(Stored data entries)

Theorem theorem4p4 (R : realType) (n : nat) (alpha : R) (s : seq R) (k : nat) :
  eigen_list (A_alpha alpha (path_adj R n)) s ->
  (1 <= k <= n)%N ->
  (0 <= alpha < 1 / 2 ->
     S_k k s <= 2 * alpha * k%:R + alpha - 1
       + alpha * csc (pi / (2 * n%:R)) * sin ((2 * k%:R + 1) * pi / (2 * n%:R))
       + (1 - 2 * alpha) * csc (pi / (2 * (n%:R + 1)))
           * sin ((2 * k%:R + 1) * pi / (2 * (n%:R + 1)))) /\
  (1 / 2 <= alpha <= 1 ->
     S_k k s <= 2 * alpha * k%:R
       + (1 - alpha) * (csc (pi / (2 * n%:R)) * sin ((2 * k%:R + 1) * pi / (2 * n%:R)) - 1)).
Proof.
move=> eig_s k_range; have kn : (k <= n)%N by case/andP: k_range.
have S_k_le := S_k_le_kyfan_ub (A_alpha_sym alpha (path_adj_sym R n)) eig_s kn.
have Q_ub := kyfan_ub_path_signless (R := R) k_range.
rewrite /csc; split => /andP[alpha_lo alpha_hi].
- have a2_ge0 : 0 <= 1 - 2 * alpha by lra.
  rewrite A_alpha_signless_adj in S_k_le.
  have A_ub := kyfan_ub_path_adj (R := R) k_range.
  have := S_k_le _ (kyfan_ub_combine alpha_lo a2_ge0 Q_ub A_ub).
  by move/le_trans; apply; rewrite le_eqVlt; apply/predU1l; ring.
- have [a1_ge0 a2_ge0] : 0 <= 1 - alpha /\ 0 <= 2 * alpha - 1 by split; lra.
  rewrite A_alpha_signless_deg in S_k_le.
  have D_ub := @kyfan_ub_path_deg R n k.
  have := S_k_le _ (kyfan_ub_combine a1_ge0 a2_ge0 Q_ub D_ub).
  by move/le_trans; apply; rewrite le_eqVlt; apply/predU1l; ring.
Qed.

**PROBLEM TO WORK ON:**
Your response must contain all of the records, copied exactly.

**THE ANSWER:**
Theorem theorem4p4 (R : realType) (n : nat) (alpha : R) (s : seq R) (k : nat) :
  eigen_list (A_alpha alpha (path_adj R n)) s ->
  (1 <= k <= n)%N ->
  (0 <= alpha < 1 / 2 ->
     S_k k s <= 2 * alpha * k%:R + alpha - 1
       + alpha * csc (pi / (2 * n%:R)) * sin ((2 * k%:R + 1) * pi / (2 * n%:R))
       + (1 - 2 * alpha) * csc (pi / (2 * (n%:R + 1)))
           * sin ((2 * k%:R + 1) * pi / (2 * (n%:R + 1)))) /\
  (1 / 2 <= alpha <= 1 ->
     S_k k s <= 2 * alpha * k%:R
       + (1 - alpha) * (csc (pi / (2 * n%:R)) * sin ((2 * k%:R + 1) * pi / (2 * n%:R)) - 1)).
Proof.
move=> eig_s k_range; have kn : (k <= n)%N by case/andP: k_range.
have S_k_le := S_k_le_kyfan_ub (A_alpha_sym alpha (path_adj_sym R n)) eig_s kn.
have Q_ub := kyfan_ub_path_signless (R := R) k_range.
rewrite /csc; split => /andP[alpha_lo alpha_hi].
- have a2_ge0 : 0 <= 1 - 2 * alpha by lra.
  rewrite A_alpha_signless_adj in S_k_le.
  have A_ub := kyfan_ub_path_adj (R := R) k_range.
  have := S_k_le _ (kyfan_ub_combine alpha_lo a2_ge0 Q_ub A_ub).
  by move/le_trans; apply; rewrite le_eqVlt; apply/predU1l; ring.
- have [a1_ge0 a2_ge0] : 0 <= 1 - alpha /\ 0 <= 2 * alpha - 1 by split; lra.
  rewrite A_alpha_signless_deg in S_k_le.
  have D_ub := @kyfan_ub_path_deg R n k.
  have := S_k_le _ (kyfan_ub_combine a1_ge0 a2_ge0 Q_ub D_ub).
  by move/le_trans; apply; rewrite le_eqVlt; apply/predU1l; ring.
Qed.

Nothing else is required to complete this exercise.